**** TASK INPUT ****
(* If a connected DGA has a nontrivial $a$-Massey product, then it is not formal.
   Context: A DGA is a graded-commutative differential graded algebra over $\mathbb R$, connected if $H^0=\mathbb R$; $|x|$ denotes degree and $\overline{x}=(-1)^{|x|}x$. Given closed $a,b_1,\dots,b_n$ with $|a|$ even and each $a\wedge b_i$ exact, the $a$-Massey product is $\langle a;b_1,\dots,b_n\rangle=\{[\sum_{i=1}^n\overline{\xi_1}\wedge\cdots\wedge\overline{\xi_{i-1}}\wedge b_i\wedge\xi_{i+1}\wedge\cdots\wedge\xi_n] : d\xi_i=a\wedge b_i\}\subset H$; it is nontrivial if it does not contain $0$. A DGA is minimal if it is free as a graded-commutative algebra on generators $\{a_\tau\}$ indexed by a well-ordered set with $|a_\mu|\le|a_\tau|$ for $\mu<\tau$ and each $da_\tau$ expressed in terms of preceding generators; a minimal model of $\mathcal A$ is a minimal DGA $\mathcal M$ with a morphism $\mathcal M\to\mathcal A$ inducing an isomorphism in cohomology; $\mathcal A$ is formal if there is a DGA morphism $\mathcal M\to H(\mathcal A)$ (with zero differential) inducing an isomorphism in cohomology. *)

From HB Require Import structures.
From mathcomp Require Import all_boot all_order all_algebra.
From mathcomp Require Import reals.
Set Implicit Arguments. Unset Strict Implicit. Unset Printing Implicit Defensive.
Import GRing.Theory.
Local Open Scope ring_scope.

Section DGADefs.
Variable R : realType.

(* A graded-commutative (N-)graded algebra over R: an associative unital
   R-algebra A together with subspaces A^k (gca_hom k) such that
   A = (+)_k A^k (direct sum), A^i A^j <= A^(i+j), 1 in A^0, and
   x y = (-1)^(ij) y x for x in A^i, y in A^j. *)
Record GCA := {
  gca_car :> algType R;
  gca_hom : nat -> gca_car -> Prop;
  gca_hom0 : forall k, gca_hom k 0;
  gca_homD : forall k x y, gca_hom k x -> gca_hom k y -> gca_hom k (x + y);
  gca_homZ : forall k (c : R) x, gca_hom k x -> gca_hom k (c *: x);
  gca_hom1 : gca_hom 0 1;
  gca_homM : forall i j x y, gca_hom i x -> gca_hom j y -> gca_hom (i + j) (x * y);
  gca_decomp : forall x, exists (n : nat) (s : nat -> gca_car),
      (forall k, gca_hom k (s k)) /\ x = \sum_(0 <= k < n) s k;
  gca_direct : forall (n : nat) (s : nat -> gca_car), (forall k, gca_hom k (s k)) ->
      \sum_(0 <= k < n) s k = 0 -> forall k, (k < n)%N -> s k = 0;
  gca_comm : forall i j x y, gca_hom i x -> gca_hom j y ->
      x * y = (-1) ^+ (i * j) *: (y * x)
}.

Record DGA := {
  dga_gca :> GCA;
  dga_d : dga_gca -> dga_gca;
  dga_dD : forall x y, dga_d (x + y) = dga_d x + dga_d y;
  dga_dZ : forall (c : R) x, dga_d (c *: x) = c *: dga_d x;
  dga_d_hom : forall k x, gca_hom k x -> gca_hom k.+1 (dga_d x);
  dga_dd : forall x, dga_d (dga_d x) = 0;
  dga_leibniz : forall i x y, gca_hom i x ->
      dga_d (x * y) = dga_d x * y + (-1) ^+ i *: (x * dga_d y)
}.

Definition exact (A : DGA) (x : A) : Prop := exists y : A, dga_d y = x.

(* H^0(A) = R, i.e. the closed degree-0 elements are the multiples of 1
   (there are no nonzero exact elements of degree 0). *)
Definition connected (A : DGA) : Prop :=
  forall x : A, gca_hom 0 x -> dga_d x = 0 -> exists c : R, x = c *: 1.

Definition gca_morph (A B : GCA) (f : A -> B) : Prop :=
  [/\ (forall x y, f (x + y) = f x + f y),
      (forall (c : R) x, f (c *: x) = c *: f x),
      f 1 = 1,
      (forall x y, f (x * y) = f x * f y) &
      (forall k x, gca_hom k x -> gca_hom k (f x))].

Definition dga_morph (A B : DGA) (f : A -> B) : Prop :=
  gca_morph f /\ (forall x, f (dga_d x) = dga_d (f x)).

(* f induces an isomorphism H^k(A) -> H^k(B) for every k *)
Definition quasi_iso (A B : DGA) (f : A -> B) : Prop :=
  forall k : nat,
    (forall x : A, gca_hom k x -> dga_d x = 0 -> exact (f x) -> exact x) /\
    (forall y : B, gca_hom k y -> dga_d y = 0 ->
       exists x : A, [/\ gca_hom k x, dga_d x = 0 & exact (f x - y)]).

Definition subalg_gen (A : GCA) (S : A -> Prop) (x : A) : Prop :=
  forall P : A -> Prop, P 1 -> (forall y, S y -> P y) ->
    (forall y z, P y -> P z -> P (y + z)) ->
    (forall (c : R) y, P y -> P (c *: y)) ->
    (forall y z, P y -> P z -> P (y * z)) -> P x.

(* Minimal DGA: free as a graded-commutative algebra (universal property)
   on homogeneous generators g indexed by a well-ordered set (I, lt), with
   nondecreasing degrees and d(g t) in the subalgebra generated by the
   preceding generators. *)
Definition is_minimal (M : DGA) : Prop :=
  exists (I : Type) (lt : I -> I -> Prop) (g : I -> M) (dg : I -> nat),
    [/\ well_founded lt /\ (forall i, ~ lt i i) /\
        (forall i j k, lt i j -> lt j k -> lt i k) /\
        (forall i j, lt i j \/ i = j \/ lt j i),
      (forall t, gca_hom (dg t) (g t)),
      (forall m t, lt m t -> (dg m <= dg t)%N),
      (forall t, subalg_gen (fun y => exists m, lt m t /\ y = g m) (dga_d (g t))) &
      (forall (B : GCA) (h : I -> B), (forall t, gca_hom (dg t) (h t)) ->
         exists phi : M -> B,
           [/\ gca_morph phi, (forall t, phi (g t) = h t) &
               forall psi : M -> B, gca_morph psi -> (forall t, psi (g t) = h t) ->
                 forall x, psi x = phi x])].

(* C (a DGA with zero differential) is a copy of the cohomology algebra
   H(A): theta sends C^k to closed elements of A^k and induces a graded
   algebra isomorphism C -> H(A). *)
Definition cohomology_model (C A : DGA) (theta : C -> A) : Prop :=
  [/\ (forall x : C, dga_d x = 0),
      (forall x y, theta (x + y) = theta x + theta y) /\
      (forall (c : R) x, theta (c *: x) = c *: theta x),
      theta 1 = 1 /\ (forall x y, exact (theta (x * y) - theta x * theta y)),
      (forall k x, gca_hom k x -> gca_hom k (theta x) /\ dga_d (theta x) = 0) &
      (forall k x, gca_hom k x -> exact (theta x) -> x = 0) /\
      (forall k y, gca_hom k y -> dga_d y = 0 ->
         exists x, gca_hom k x /\ exact (theta x - y))].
****
THE PROBLEM.
Every line above from the line with "dga_d (x * y)" to the line with "(forall k x, gca_hom k x -> gca_hom k (f", both included, must be reproduced exactly, and no other line may appear.

SOLUTION TO THIS PROBLEM.
      dga_d (x * y) = dga_d x * y + (-1) ^+ i *: (x * dga_d y)
}.

Definition exact (A : DGA) (x : A) : Prop := exists y : A, dga_d y = x.

(* H^0(A) = R, i.e. the closed degree-0 elements are the multiples of 1
   (there are no nonzero exact elements of degree 0). *)
Definition connected (A : DGA) : Prop :=
  forall x : A, gca_hom 0 x -> dga_d x = 0 -> exists c : R, x = c *: 1.

Definition gca_morph (A B : GCA) (f : A -> B) : Prop :=
  [/\ (forall x y, f (x + y) = f x + f y),
      (forall (c : R) x, f (c *: x) = c *: f x),
      f 1 = 1,
      (forall x y, f (x * y) = f x * f y) &
      (forall k x, gca_hom k x -> gca_hom k (f x))].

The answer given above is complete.